# Requirement:
From the data below, copy exactly the lines that lie between the one holding "split; [|split; [|split]]." and the one holding "- rewrite transfer_next; exact Hlast.", including both, and nothing more.

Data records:
__________
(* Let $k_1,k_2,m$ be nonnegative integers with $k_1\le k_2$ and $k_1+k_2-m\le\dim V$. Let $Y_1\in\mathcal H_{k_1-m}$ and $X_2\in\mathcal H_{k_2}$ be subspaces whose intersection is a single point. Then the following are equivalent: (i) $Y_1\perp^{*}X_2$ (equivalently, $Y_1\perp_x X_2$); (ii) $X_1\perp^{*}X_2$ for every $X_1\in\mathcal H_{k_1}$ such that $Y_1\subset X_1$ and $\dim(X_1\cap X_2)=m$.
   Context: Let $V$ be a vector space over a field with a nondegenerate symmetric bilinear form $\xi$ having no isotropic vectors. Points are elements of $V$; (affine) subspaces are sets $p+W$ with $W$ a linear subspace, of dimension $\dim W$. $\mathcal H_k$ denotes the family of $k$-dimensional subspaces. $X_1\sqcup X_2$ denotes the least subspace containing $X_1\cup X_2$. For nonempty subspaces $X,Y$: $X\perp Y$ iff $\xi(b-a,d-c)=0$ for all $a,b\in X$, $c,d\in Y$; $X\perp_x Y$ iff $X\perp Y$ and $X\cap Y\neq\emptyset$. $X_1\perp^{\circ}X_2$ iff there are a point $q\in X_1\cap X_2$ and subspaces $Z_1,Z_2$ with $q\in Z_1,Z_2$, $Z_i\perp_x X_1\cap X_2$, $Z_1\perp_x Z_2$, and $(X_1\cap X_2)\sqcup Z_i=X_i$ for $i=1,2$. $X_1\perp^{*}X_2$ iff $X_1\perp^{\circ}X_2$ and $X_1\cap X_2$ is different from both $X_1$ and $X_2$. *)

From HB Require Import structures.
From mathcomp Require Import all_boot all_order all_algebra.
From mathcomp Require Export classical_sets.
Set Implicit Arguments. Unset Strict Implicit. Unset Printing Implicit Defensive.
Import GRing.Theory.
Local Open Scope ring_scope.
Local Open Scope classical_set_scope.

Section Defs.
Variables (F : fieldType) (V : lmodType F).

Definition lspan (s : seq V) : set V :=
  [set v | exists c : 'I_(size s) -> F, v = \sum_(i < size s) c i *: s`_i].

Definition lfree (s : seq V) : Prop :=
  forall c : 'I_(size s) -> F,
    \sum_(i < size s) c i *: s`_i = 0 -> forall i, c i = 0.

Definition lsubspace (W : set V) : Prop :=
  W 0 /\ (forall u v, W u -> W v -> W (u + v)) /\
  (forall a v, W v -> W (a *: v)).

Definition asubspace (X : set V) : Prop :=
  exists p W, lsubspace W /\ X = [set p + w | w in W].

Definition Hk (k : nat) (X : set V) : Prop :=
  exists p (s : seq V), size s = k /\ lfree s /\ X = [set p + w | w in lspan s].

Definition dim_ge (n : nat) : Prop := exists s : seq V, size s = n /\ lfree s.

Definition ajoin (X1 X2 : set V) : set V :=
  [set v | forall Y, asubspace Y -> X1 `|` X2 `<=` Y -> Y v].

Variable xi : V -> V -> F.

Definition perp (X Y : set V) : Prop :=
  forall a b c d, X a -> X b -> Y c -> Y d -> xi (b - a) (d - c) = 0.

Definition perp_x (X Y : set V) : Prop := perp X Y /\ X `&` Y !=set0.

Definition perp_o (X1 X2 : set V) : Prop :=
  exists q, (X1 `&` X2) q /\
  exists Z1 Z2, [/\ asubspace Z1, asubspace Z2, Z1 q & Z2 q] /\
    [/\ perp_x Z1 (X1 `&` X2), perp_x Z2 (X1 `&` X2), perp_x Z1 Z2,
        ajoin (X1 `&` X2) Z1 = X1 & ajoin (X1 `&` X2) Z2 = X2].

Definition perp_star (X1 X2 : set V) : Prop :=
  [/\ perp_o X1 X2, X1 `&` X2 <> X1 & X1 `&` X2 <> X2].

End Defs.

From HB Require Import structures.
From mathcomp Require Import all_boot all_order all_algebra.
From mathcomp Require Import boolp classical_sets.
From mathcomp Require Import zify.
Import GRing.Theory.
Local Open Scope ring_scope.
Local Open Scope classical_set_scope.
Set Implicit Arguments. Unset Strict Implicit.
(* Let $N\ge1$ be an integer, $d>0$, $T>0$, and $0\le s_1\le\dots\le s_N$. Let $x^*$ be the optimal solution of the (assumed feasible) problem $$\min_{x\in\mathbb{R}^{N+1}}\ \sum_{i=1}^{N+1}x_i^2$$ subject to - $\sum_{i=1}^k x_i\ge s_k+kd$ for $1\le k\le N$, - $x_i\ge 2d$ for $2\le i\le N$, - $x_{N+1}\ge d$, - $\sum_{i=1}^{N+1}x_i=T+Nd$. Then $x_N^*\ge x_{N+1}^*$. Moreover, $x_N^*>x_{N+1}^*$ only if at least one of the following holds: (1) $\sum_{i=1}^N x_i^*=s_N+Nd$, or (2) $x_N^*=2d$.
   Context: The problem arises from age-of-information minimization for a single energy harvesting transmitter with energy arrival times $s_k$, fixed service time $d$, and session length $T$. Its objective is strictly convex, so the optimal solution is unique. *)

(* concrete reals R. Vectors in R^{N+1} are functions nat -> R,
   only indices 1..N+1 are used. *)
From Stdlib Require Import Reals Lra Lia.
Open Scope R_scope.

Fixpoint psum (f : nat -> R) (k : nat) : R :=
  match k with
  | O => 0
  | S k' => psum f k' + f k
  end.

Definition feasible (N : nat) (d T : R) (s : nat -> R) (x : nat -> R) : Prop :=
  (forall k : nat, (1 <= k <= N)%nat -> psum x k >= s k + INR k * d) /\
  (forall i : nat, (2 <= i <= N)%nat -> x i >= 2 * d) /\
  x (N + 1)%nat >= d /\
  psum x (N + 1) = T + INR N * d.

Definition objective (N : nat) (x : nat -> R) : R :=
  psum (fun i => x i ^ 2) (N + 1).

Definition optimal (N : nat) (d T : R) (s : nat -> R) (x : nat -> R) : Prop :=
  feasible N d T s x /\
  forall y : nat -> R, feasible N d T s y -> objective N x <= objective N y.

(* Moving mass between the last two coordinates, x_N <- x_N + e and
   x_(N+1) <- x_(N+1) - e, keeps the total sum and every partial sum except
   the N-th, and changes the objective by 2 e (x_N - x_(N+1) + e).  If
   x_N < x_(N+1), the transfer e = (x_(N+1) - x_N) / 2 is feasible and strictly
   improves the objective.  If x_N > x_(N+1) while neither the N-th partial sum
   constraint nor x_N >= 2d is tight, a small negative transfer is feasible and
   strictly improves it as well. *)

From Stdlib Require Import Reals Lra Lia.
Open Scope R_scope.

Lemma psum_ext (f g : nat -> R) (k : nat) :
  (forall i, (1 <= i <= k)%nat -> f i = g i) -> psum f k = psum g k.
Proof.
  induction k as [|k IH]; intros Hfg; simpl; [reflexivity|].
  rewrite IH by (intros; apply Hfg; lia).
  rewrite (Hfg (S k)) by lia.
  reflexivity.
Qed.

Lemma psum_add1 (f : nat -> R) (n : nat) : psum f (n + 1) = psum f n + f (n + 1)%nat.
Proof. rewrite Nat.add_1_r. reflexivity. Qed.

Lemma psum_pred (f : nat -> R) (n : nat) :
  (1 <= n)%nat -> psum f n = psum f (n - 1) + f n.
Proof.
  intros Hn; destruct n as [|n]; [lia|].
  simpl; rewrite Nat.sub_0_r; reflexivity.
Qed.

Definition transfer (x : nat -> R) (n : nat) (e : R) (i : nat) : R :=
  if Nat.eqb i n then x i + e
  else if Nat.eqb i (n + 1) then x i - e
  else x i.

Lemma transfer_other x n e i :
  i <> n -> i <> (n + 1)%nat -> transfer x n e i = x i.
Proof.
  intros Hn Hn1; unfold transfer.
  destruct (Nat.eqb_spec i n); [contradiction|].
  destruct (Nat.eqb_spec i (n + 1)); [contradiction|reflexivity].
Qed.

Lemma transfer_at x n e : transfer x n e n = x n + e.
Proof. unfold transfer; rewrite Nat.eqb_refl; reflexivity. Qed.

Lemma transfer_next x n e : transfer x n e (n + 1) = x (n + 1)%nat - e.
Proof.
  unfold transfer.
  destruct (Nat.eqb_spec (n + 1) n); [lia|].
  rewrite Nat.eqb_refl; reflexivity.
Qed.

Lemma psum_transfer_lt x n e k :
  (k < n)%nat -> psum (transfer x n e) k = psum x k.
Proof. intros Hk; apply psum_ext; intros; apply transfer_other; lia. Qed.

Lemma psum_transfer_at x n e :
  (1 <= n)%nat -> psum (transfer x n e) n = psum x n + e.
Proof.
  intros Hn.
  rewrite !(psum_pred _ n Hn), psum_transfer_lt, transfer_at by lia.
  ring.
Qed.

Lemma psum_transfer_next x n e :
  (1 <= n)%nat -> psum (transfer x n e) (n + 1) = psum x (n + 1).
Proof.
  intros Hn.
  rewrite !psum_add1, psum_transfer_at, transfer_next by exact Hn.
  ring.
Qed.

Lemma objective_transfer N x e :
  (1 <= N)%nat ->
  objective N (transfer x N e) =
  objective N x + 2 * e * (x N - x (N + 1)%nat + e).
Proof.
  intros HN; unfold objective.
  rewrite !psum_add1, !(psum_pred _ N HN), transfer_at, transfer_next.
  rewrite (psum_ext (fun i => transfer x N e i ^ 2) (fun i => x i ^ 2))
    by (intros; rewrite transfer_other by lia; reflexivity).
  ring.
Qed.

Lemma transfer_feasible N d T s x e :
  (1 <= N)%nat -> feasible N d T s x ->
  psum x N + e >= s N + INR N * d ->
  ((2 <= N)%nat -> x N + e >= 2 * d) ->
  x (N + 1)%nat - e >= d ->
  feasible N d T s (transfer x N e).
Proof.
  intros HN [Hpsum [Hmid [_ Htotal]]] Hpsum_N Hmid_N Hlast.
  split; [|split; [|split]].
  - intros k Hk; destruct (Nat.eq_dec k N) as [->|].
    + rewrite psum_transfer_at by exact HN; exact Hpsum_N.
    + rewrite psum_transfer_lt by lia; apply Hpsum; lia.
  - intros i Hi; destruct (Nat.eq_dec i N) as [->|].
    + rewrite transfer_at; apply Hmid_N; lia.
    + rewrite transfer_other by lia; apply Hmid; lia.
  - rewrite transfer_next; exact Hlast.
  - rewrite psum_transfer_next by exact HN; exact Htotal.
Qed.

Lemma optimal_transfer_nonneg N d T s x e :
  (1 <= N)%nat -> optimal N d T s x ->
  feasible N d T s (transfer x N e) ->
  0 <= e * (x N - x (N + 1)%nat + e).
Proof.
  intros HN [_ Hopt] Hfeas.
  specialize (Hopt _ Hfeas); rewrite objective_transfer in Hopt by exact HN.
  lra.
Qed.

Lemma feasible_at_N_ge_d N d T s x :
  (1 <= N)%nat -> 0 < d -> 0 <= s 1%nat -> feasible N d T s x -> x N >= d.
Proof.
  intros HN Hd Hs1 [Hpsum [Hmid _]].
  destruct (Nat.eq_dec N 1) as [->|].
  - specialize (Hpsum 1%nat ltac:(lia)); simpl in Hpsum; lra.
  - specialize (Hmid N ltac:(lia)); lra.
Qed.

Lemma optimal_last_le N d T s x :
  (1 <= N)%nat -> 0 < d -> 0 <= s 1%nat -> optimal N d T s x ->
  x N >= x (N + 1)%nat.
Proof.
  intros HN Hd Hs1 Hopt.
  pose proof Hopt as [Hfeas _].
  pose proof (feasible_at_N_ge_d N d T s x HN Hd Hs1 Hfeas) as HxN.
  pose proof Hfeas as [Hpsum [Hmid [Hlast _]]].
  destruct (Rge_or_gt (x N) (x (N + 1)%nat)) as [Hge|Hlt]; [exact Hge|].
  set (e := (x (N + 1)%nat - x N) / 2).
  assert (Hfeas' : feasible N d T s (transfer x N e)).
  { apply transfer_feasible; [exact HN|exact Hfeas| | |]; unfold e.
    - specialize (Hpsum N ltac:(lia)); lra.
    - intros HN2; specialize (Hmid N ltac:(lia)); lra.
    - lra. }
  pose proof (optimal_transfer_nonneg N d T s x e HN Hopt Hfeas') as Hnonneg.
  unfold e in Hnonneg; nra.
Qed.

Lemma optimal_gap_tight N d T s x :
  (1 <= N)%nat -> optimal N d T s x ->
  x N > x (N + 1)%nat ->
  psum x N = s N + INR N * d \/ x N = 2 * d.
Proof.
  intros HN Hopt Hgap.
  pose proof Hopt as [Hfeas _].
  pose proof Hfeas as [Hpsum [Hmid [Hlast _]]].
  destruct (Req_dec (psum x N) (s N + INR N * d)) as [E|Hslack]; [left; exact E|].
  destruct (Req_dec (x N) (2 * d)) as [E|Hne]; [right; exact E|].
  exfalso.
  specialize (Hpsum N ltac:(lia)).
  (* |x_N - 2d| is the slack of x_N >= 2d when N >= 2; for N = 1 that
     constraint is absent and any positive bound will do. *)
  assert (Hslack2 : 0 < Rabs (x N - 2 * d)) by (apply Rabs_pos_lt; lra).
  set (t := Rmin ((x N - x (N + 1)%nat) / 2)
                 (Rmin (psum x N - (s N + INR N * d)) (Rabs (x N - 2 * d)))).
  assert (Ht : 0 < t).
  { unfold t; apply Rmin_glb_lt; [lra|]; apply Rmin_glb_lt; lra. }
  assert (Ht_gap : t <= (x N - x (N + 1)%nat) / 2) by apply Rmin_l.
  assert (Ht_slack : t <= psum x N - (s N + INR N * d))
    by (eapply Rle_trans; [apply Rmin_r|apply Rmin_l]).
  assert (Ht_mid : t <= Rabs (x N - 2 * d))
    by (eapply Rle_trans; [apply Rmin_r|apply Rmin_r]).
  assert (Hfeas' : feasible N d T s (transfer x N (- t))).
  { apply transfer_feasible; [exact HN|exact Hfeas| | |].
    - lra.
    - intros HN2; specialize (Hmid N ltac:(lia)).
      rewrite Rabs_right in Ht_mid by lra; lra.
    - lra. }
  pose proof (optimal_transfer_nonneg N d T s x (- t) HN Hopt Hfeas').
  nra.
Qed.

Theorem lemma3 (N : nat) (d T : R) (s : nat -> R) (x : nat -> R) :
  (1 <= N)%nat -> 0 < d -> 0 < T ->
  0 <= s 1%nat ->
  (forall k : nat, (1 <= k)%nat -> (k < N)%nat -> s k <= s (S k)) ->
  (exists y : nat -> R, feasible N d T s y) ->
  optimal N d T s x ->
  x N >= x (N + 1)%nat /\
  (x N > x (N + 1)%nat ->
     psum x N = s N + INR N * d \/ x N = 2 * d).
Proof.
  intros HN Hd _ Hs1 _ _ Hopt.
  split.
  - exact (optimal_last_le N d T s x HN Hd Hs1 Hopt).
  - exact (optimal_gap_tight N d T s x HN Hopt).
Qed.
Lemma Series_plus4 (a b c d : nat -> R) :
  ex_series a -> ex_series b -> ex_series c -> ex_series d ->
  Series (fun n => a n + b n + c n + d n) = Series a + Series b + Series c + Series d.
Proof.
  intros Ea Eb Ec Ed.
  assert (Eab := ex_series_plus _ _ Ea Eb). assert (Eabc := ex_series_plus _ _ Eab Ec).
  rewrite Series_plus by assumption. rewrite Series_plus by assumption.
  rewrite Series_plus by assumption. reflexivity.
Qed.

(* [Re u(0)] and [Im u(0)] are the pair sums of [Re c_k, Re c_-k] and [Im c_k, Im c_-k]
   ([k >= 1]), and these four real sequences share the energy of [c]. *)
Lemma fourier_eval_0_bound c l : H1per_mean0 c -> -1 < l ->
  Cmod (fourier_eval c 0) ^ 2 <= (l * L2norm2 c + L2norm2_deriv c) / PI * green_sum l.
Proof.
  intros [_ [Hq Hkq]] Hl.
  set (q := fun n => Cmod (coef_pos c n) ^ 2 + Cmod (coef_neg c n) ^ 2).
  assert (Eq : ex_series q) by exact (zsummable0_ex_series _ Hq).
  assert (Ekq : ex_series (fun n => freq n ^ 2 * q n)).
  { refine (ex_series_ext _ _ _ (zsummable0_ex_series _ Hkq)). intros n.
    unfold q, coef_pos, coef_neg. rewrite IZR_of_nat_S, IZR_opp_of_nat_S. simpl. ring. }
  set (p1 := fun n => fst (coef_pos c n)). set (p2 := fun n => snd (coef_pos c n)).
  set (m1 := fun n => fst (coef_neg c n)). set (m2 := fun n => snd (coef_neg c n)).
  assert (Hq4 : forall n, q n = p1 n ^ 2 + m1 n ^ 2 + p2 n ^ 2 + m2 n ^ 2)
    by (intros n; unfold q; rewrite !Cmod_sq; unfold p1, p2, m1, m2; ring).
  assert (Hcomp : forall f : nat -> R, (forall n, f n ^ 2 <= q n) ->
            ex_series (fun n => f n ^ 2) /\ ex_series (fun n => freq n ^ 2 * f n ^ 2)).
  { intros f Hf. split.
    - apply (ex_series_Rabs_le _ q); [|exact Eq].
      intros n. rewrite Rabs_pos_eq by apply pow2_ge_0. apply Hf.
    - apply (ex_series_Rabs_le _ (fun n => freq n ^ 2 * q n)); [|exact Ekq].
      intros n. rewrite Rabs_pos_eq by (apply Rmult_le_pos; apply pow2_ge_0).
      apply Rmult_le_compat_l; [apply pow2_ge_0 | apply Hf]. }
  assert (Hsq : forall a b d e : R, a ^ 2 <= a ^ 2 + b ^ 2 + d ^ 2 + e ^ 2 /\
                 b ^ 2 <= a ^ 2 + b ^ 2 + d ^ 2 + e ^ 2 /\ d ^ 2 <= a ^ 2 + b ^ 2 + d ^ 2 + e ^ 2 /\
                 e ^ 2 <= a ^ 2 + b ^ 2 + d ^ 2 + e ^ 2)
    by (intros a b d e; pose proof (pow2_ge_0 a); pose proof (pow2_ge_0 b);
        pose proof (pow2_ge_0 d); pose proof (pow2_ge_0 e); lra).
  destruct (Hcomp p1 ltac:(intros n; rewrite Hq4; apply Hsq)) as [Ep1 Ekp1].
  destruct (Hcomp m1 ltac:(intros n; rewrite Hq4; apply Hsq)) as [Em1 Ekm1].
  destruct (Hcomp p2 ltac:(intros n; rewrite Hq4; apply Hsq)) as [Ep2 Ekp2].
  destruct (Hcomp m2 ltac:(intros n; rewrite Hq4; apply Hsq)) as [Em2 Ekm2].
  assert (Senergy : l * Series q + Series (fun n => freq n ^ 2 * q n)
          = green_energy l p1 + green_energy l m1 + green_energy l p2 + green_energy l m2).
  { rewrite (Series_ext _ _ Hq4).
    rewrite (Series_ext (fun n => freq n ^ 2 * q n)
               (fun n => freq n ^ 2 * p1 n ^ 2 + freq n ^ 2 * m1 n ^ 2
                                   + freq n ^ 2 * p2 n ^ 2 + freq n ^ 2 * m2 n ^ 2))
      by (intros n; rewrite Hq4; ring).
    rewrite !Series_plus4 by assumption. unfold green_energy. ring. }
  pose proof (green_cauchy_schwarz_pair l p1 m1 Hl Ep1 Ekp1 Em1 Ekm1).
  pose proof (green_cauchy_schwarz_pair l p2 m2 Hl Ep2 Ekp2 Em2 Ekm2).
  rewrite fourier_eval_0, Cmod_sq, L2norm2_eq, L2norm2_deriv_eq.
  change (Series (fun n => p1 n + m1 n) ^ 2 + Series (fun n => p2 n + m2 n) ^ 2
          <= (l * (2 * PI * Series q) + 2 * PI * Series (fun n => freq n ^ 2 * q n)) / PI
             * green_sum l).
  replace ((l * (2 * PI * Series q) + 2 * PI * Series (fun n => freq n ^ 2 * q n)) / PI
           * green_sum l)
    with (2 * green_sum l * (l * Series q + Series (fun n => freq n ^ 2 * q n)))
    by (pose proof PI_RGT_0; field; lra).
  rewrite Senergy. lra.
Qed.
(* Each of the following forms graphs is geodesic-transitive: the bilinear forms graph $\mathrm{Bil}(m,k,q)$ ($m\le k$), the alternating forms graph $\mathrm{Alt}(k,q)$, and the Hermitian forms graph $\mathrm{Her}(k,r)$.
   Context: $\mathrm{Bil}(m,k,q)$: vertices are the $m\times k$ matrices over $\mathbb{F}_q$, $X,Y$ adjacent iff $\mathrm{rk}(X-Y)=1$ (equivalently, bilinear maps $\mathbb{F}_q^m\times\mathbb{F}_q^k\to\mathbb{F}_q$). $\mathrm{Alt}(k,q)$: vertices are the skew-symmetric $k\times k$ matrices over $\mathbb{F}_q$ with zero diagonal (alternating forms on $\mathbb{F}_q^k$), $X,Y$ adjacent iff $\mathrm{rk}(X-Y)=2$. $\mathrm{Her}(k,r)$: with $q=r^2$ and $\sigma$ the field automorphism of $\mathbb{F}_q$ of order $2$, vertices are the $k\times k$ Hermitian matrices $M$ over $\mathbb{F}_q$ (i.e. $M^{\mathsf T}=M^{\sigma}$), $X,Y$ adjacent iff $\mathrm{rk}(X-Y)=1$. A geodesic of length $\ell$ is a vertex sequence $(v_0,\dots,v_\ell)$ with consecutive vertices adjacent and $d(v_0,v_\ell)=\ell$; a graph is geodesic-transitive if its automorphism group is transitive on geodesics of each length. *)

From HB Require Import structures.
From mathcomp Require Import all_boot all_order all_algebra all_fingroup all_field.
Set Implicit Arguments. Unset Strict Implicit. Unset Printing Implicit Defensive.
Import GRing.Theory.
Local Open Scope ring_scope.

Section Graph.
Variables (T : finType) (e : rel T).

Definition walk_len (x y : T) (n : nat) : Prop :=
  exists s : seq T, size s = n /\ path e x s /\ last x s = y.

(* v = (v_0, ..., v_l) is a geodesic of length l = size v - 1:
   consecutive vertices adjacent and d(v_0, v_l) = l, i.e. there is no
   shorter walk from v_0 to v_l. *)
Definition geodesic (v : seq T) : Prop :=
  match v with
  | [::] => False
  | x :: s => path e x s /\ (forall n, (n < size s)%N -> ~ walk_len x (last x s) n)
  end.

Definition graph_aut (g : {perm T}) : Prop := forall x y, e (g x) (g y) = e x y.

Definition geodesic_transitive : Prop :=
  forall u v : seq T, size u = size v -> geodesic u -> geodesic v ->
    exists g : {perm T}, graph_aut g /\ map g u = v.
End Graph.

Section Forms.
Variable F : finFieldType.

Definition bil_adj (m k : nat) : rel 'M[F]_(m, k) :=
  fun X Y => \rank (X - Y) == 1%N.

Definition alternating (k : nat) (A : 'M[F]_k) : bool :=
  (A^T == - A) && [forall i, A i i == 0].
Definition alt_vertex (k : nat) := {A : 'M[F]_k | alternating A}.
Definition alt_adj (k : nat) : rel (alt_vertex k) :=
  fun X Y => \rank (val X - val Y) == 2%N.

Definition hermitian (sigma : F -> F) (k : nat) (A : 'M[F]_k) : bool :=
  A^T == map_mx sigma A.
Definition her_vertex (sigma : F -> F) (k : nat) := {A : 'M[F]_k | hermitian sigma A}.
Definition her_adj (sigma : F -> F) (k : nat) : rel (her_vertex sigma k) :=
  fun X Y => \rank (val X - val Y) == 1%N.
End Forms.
__________
# Your solution:
  split; [|split; [|split]].
  - intros k Hk; destruct (Nat.eq_dec k N) as [->|].
    + rewrite psum_transfer_at by exact HN; exact Hpsum_N.
    + rewrite psum_transfer_lt by lia; apply Hpsum; lia.
  - intros i Hi; destruct (Nat.eq_dec i N) as [->|].
    + rewrite transfer_at; apply Hmid_N; lia.
    + rewrite transfer_other by lia; apply Hmid; lia.
  - rewrite transfer_next; exact Hlast.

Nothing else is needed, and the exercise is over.